6769 out of 21671 sessions matched. (31.24%)

Another sample analysis is how many users have two specific Intel cards that were known to crash in bug 1116812. This is very easy to answer with Telemetry:

# Sample filter #2 - how many users have either devices:
#   0x8086, 0x2e32 - Intel G41 express graphics
#   0x8086, 0x2a02 - Intel GM965, Intel X3100
# See bug 1116812.
#
# Note that vendor and deviceID hex digits are lowercase.
def sample_filter_2(p):
    if p['adapter']['vendorID'] != VendorIDs['Intel']:
        return False
    if p['adapter']['deviceID'] == '0x2e32':
        return True
    if p['adapter']['deviceID'] == '0x2a02':
        return True
    return False

sample_result_2 = pings.filter(sample_filter_2)
print('{0} out of {1} sessions matched. ({2:.2f}%)'.format(
    sample_result_2.count(),
    pings.count(),
    ((sample_result_2.count() / pings.count()) * 100)))

1418 out of 21671 sessions matched. (6.54%)

Tips and Tricks

  • Remember that your spark cluster will terminate after 24 hours.
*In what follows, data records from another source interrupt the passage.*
Lemma expn_le_pow4_sq c s : s <= c -> c ^ s <= 4 ^ (c ^ 2).
Proof.
case: c => [|c sc]; first by rewrite leqn0 => /eqP ->.
rewrite (leq_trans (leq_pexp2l _ sc)) // expnM leq_exp2r //.
exact: ltnW (ltn_expl _ _).
Qed.

Theorem mainTheorem17 (n : nat) (X : seq nat) (c : nat) :
  is_fin_set X ->
  large (omega_pow n.+1) X ->
  sparse (omega_pow 3) X ->
  4 ^ (c ^ 2) <= head 0 X ->
  (forall (Xb : seq nat) (P : nat -> nat -> nat),
     is_fin_set Xb -> size Xb <= c ->
     (forall x y, x \in Xb -> y \in X -> x < y) ->
     (forall x y, x \in Xb ++ X -> y \in Xb ++ X -> x < y -> P x y < c) ->
     exists Y : seq nat,
       [/\ is_fin_set Y, {subset Y <= X}, large (omega_pow n) Y &
        forall x y y', x \in Xb -> y \in Y -> y' \in Y -> P x y = P x y'])
  /\
  (forall (Xb : seq nat) (P : nat -> nat -> nat),
     is_fin_set Xb -> size Xb <= c ->
     (forall y x, y \in X -> x \in Xb -> y < x) ->
     (forall x y, x \in X ++ Xb -> y \in X ++ Xb -> x < y -> P x y < c) ->
     exists Y : seq nat,
       [/\ is_fin_set Y, {subset Y <= X}, large (omega_pow n) Y &
        forall x y y', x \in Xb -> y \in Y -> y' \in Y -> P y x = P y' x]).
Proof.
move=> sX hl _ hc.
have bound s : s <= c -> c ^ s <= head 0 X by move/expn_le_pow4_sq/leq_trans; apply.
split=> Xb P _ hs hlt hP.
- apply: (large_homogeneous_subset (Q := P) sX hl (bound _ hs)) => x y xXb yX.
  by apply: hP; rewrite ?mem_cat ?xXb ?yX ?orbT //; exact: hlt.
- apply: (large_homogeneous_subset (Q := fun x y => P y x) sX hl (bound _ hs)) => x y xXb yX.
  by apply: hP; rewrite ?mem_cat ?xXb ?yX ?orbT //; exact: hlt.
Qed.
Lemma enorm0 : enorm (0 : 'rV[R]_n) = 0.
Proof. by rewrite /enorm /inner big1 ?sqrtr0 // => i _; rewrite mxE mulr0. Qed.

Lemma enormN v : enorm (- v) = enorm v.
Proof.
by rewrite /enorm /inner; congr Num.sqrt; apply: eq_bigr => i _; rewrite !mxE mulrNN.
Qed.

Lemma coord_le_enorm v i : `|v ord0 i| <= enorm v.
Proof.
have sq_ge0 j : 0 <= v ord0 j * v ord0 j by rewrite -expr2 sqr_ge0.
rewrite -sqrtr_sqr /enorm ler_sqrt; last exact: sumr_ge0.
by rewrite expr2 /inner (bigD1 i) //= lerDl sumr_ge0.
Qed.

(* The Euclidean norm is dominated by the l1 norm; this yields a triangle
   inequality up to the factor n, which is all the proof needs. *)
Lemma enorm_le_l1 v : enorm v <= \sum_(i < n) `|v ord0 i|.
Proof.
have S0 : 0 <= \sum_(i < n) `|v ord0 i| by exact: sumr_ge0.
rewrite -(ger0_norm S0) -sqrtr_sqr /enorm ler_sqrt ?sqr_ge0 // expr2 mulr_sumr.
apply: ler_sum => i _; rewrite -[v ord0 i * _]ger0_norm ?normrM -?expr2 ?sqr_ge0 //.
by rewrite ler_wpM2r // (bigD1 i) //= lerDl sumr_ge0.
Qed.

Lemma enormD u v : enorm (u + v) <= n%:R * (enorm u + enorm v).
Proof.
apply: (le_trans (enorm_le_l1 _)).
have -> : n%:R * (enorm u + enorm v) = \sum_(i < n) (enorm u + enorm v).
  by rewrite sumr_const card_ord mulr_natl.
apply: ler_sum => i _; rewrite mxE; apply: (le_trans (ler_normD _ _)).
by apply: lerD; apply: coord_le_enorm.
Qed.

Lemma inner_le g v : `|inner g v| <= (\sum_(i < n) `|g ord0 i|) * enorm v.
Proof.
rewrite /inner mulr_suml; apply: (le_trans (ler_norm_sum _ _ _)).
by apply: ler_sum => i _; rewrite normrM ler_wpM2l // coord_le_enorm.
Qed.

End EuclideanNorm.

Section RealAnalysis.
Variable R : realType.
Implicit Types a b s t tau : R.
Local Notation mu := (@lebesgue_measure R).

Lemma sup_le_img (F : R -> R) a b B : a <= b ->
  (forall s, a <= s <= b -> F s <= B) ->
  sup [set F s | s in [set s | a <= s <= b]] <= B.
Proof.
move=> ab FB; apply: ge_sup; first by exists (F a), a => //=; rewrite lexx ab.
by move=> _ [s hs <-]; exact: FB.
Qed.

Lemma sup_img0 (F : R -> R) a b : a <= b ->
  (forall s, a <= s <= b -> F s = 0) ->
  sup [set F s | s in [set s | a <= s <= b]] = 0.
Proof.
move=> ab F0; suff -> : [set F s | s in [set s | a <= s <= b]] = [set 0] by exact: sup1.
apply/seteqP; split; first by move=> _ [s hs <-]; rewrite /= F0.
by move=> _ ->; exists a; rewrite /= ?F0 ?lexx ?ab.
Qed.

Lemma near_right_of t b (P : R -> Prop) : t < b ->
  (exists2 d, 0 < d & forall s, t < s <= b -> s - t < d -> P s) ->
  \forall s \near t^'+, P s.
Proof.
move=> tb [d d0 Pd]; near=> s; apply: Pd; [apply/andP; split|]; near: s.
- exact: nbhs_right_gt.
- exact: nbhs_right_le.
- exact: nbhs_right_ltDr.
Unshelve. all: by end_near. Qed.

Lemma Rintegral_near_const (f : R -> R) t tau K e : t <= tau -> continuous f ->
  (forall xi, t <= xi <= tau -> `|f xi - K| <= e) ->
  `|Rintegral mu [set xi | t <= xi <= tau] f - K * (tau - t)| <= e * (tau - t).
Proof.
move=> t_tau f_cont fK.
have -> : [set xi | t <= xi <= tau] = `[t, tau]%classic.
  by apply/seteqP; split => x /=; rewrite in_itv.
have mI : measurable (`[t, tau]%classic : set R) by exact: measurable_itv.
have cont_int g : continuous g -> mu.-integrable `[t, tau]%classic (EFin \o g).
  move=> g_cont; apply: continuous_compact_integrable; first exact: segment_compact.
  exact: continuous_subspaceT.
have muI : fine (mu `[t, tau]%classic) = tau - t.
  rewrite lebesgue_measure_itv /=; case: ltP => [_|]; first by rewrite -EFinD.
  by rewrite lee_fin => tau_t; apply/eqP; rewrite eq_sym subr_eq0 eq_le tau_t t_tau.
have cst_cont : forall k : R, continuous (fun _ : R => k).
  by move=> k; exact: cst_continuous.
have fK_cont : continuous (fun x => f x - K).
  by move=> x; exact: (continuousB (f_cont x) (cst_cont K x)).
rewrite -muI -Rintegral_cst // -RintegralB //; last exact: cont_int.
apply: (le_trans (le_normr_Rintegral _ _)) => //; first exact: cont_int.
rewrite -Rintegral_cst //; apply: le_Rintegral => //.
- apply: cont_int => x; apply: (continuous_comp (f := fun x => f x - K)).
    exact: fK_cont.
  exact: norm_continuous.
- exact: cont_int.
- exact: cont_int.
Qed.

End RealAnalysis.

Section Viscosity.
Variables (R : realType) (n : nat) (h T : R).
Hypotheses (h_ge0 : 0 <= h) (T_gt0 : 0 < T).
Implicit Types (x y z : R -> 'rV[R]_n) (s t tau : R).

Lemma past_le t : 0 <= t -> - h <= t.
Proof. by move=> t0; rewrite (le_trans _ t0) // oppr_le0. Qed.

Definition path_continuous x : Prop :=
  forall s, - h <= s <= T -> forall e, 0 < e -> exists2 d, 0 < d &
    forall s', - h <= s' <= T -> `|s' - s| < d -> enorm (x s' - x s) < e.

Lemma path_continuousD x y : path_continuous x -> path_continuous y ->
  path_continuous (fun s => x s + y s).
Proof.
move=> x_cont y_cont s hs e e0.
set N : R := n%:R; have N0 : 0 <= N := ler0n _ _.
set e1 := e / (2 * N + 1); have e10 : 0 < e1 by rewrite divr_gt0 //; lra.
have e1E : e1 * (2 * N + 1) = e by rewrite mulfVK //; lra.
have [dx dx0 hx] := x_cont s hs e1 e10.
have [dy dy0 hy] := y_cont s hs e1 e10.
exists (Num.min dx dy); first by rewrite lt_min dx0 dy0.
move=> s' hs'; rewrite lt_min => /andP[s'dx s'dy].
have := hx s' hs' s'dx; have := hy s' hs' s'dy.
rewrite opprD addrACA => ? ?; apply: (le_lt_trans (enormD _ _)); rewrite -/N.
have := enorm_ge0 (x s' - x s); have := enorm_ge0 (y s' - y s); nra.
Qed.

Lemma path_continuousN x : path_continuous x -> path_continuous (fun s => - x s).
Proof.
move=> x_cont s hs e e0; have [d d0 hd] := x_cont s hs e e0.
by exists d => // s' hs' s'd; rewrite -opprD enormN; apply: hd.
Qed.

Lemma path_continuous_stop x tau : path_continuous x -> - h <= tau <= T ->
  path_continuous (fun s => x (Num.min s tau)).
Proof.
move=> x_cont htau s hs e e0; have [d d0 hd] := x_cont _ (min_in hs htau) e e0.
exists d => // s' hs' s'd; apply: hd; first exact: min_in.
exact: le_lt_trans (min_lip _ _ _) s'd.
Qed.

Lemma supdist_self y : supdist h T y y = 0.
Proof.
rewrite /supdist; apply: (sup_img0 (F := fun s => enorm (y s - y s))).
  exact/past_le/ltW.
by move=> s _; rewrite subrr enorm0.
Qed.

Definition freeze x y tau : R -> 'rV[R]_n :=
  fun s => x s + (y (Num.min s tau) - x (Num.min s tau)).

Lemma freeze_before x y tau s : s <= tau -> freeze x y tau s = y s.
Proof. by move=> s_tau; rewrite /freeze min_l // addrC subrK. Qed.

Lemma freeze_admissible x y tau : admissible h T x -> admissible h T y ->
  - h <= tau <= T -> admissible h T (freeze x y tau).
Proof.
move=> [x_clamp x_cont] [y_clamp y_cont] htau; split.
  have stop_clamp (w : R -> 'rV[R]_n) (s : R) : (forall s, w s = w (clamp h T s)) ->
      w (Num.min s tau) = w (Num.min (clamp h T s) tau).
    move=> w_clamp; rewrite w_clamp [RHS]w_clamp /clamp.
    by congr w; move: htau => /andP[? ?]; minmax_lra.
  by move=> s; rewrite /freeze (x_clamp s) (stop_clamp _ _ y_clamp) (stop_clamp _ _ x_clamp).
change (path_continuous (freeze x y tau)).
apply: (path_continuousD x_cont).
apply: (path_continuous_stop (x := fun s => y s - x s)) htau.
exact: path_continuousD y_cont (path_continuousN x_cont).
Qed.

Lemma freeze_Lip t x y tau : admissible h T x -> Lip h T t x y ->
  t <= tau <= T -> Lip h T tau (freeze x y tau) y.
Proof.
move=> ax [ay [y_x [L y_Lip]]] /andP[t_tau tau_T]; split=> //; split.
  by move=> s /andP[_ s_tau]; rewrite freeze_before.
by exists L => s1 s2 /andP[? ?] /andP[? ?]; apply: y_Lip; apply/andP; split; lra.
Qed.

Lemma freeze_dist_near t x y : admissible h T x -> admissible h T y -> 0 <= t < T ->
  (forall s, - h <= s <= t -> y s = x s) ->
  forall d, 0 < d -> \forall tau \near t^'+, dist h T t x tau (freeze x y tau) < d.
Proof.
move=> ax ay /andP[t0 tT] y_x d d0.
have ht : - h <= t <= T by rewrite past_le // ltW.
have d2_gt0 : 0 < d / 2 by lra.
have [r r0 hr] := path_continuousD ay.2 (path_continuousN ax.2) ht d2_gt0.
have yx_t : y t - x t = 0 by rewrite y_x ?subrr // lexx andbT; lra.
near=> tau.
have t_tau : t < tau by near: tau; exact: nbhs_right_gt.
have tau_T : tau <= T by near: tau; exact: nbhs_right_le.
have tau_r : tau - t < r by near: tau; exact: nbhs_right_ltDr.
have tau_d : tau - t < d / 2 by near: tau; exact: nbhs_right_ltDr.
have htau : - h <= tau <= T by apply/andP; split; lra.
have : supdist h T x (freeze x y tau) <= d / 2.
  apply: sup_le_img; first lra.
  move=> s hs; rewrite /freeze opprD addrA subrr add0r enormN.
  have hm := min_in hs htau; set m := Num.min s tau in hm *.
  have m_tau : m <= tau by rewrite ge_min lexx orbT.
  case: (leP m t) => [m_t | t_m].
    by rewrite y_x ?subrr ?enorm0; [lra | case/andP: hm => -> _].
  apply/ltW; move: (hr m hm); rewrite /= yx_t subr0; apply.
  by rewrite ger0_norm; lra.
by rewrite /dist distrC ger0_norm; lra.
Unshelve. all: by end_near. Qed.

Lemma cont_functional_right_lim psi tau y : cont_functional h T psi ->
  0 <= tau < T -> admissible h T y -> psi s y @[s --> tau^'+] --> psi tau y.
Proof.
move=> psi_cont /andP[tau0 tauT] ay; apply/cvgrPdist_le => e e0.
have htau : 0 <= tau <= T by rewrite tau0 ltW.
have [d d0 hd] := psi_cont tau y htau ay e e0.
apply: (near_right_of tauT); exists d => // s /andP[tau_s s_T] s_d.
rewrite distrC; apply/ltW/hd => //; first by apply/andP; split; lra.
by rewrite /dist supdist_self addr0 distrC ger0_norm; lra.
Qed.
Save your .ipynb file, it will not persist to another session.
  • When debugging, use a very small sample set. Large samples can be very slow to analyze.
  • Analysis objects are pipelined. You can observe a random object in the pipeline with the ".take()" function. For example, to observe a random ping, "pings.take(1)".
  • To execute an entire pipeline and observe the full results as a Python object, use ".collect()".
  • You can write files as part of the analysis. They will appear in the "analyses" folder on your spark instance.
  • Because analysis steps are pipelined until results are observed, it is dangerous to re-use variable names across blocks. You may have to restart the kernel or re-run previous steps to make sure pipelines are constructed correctly.
  • You can automate spark jobs via telemetry-dash; output files will appear in S3 and can be used from people.mozilla.org to build dashboards.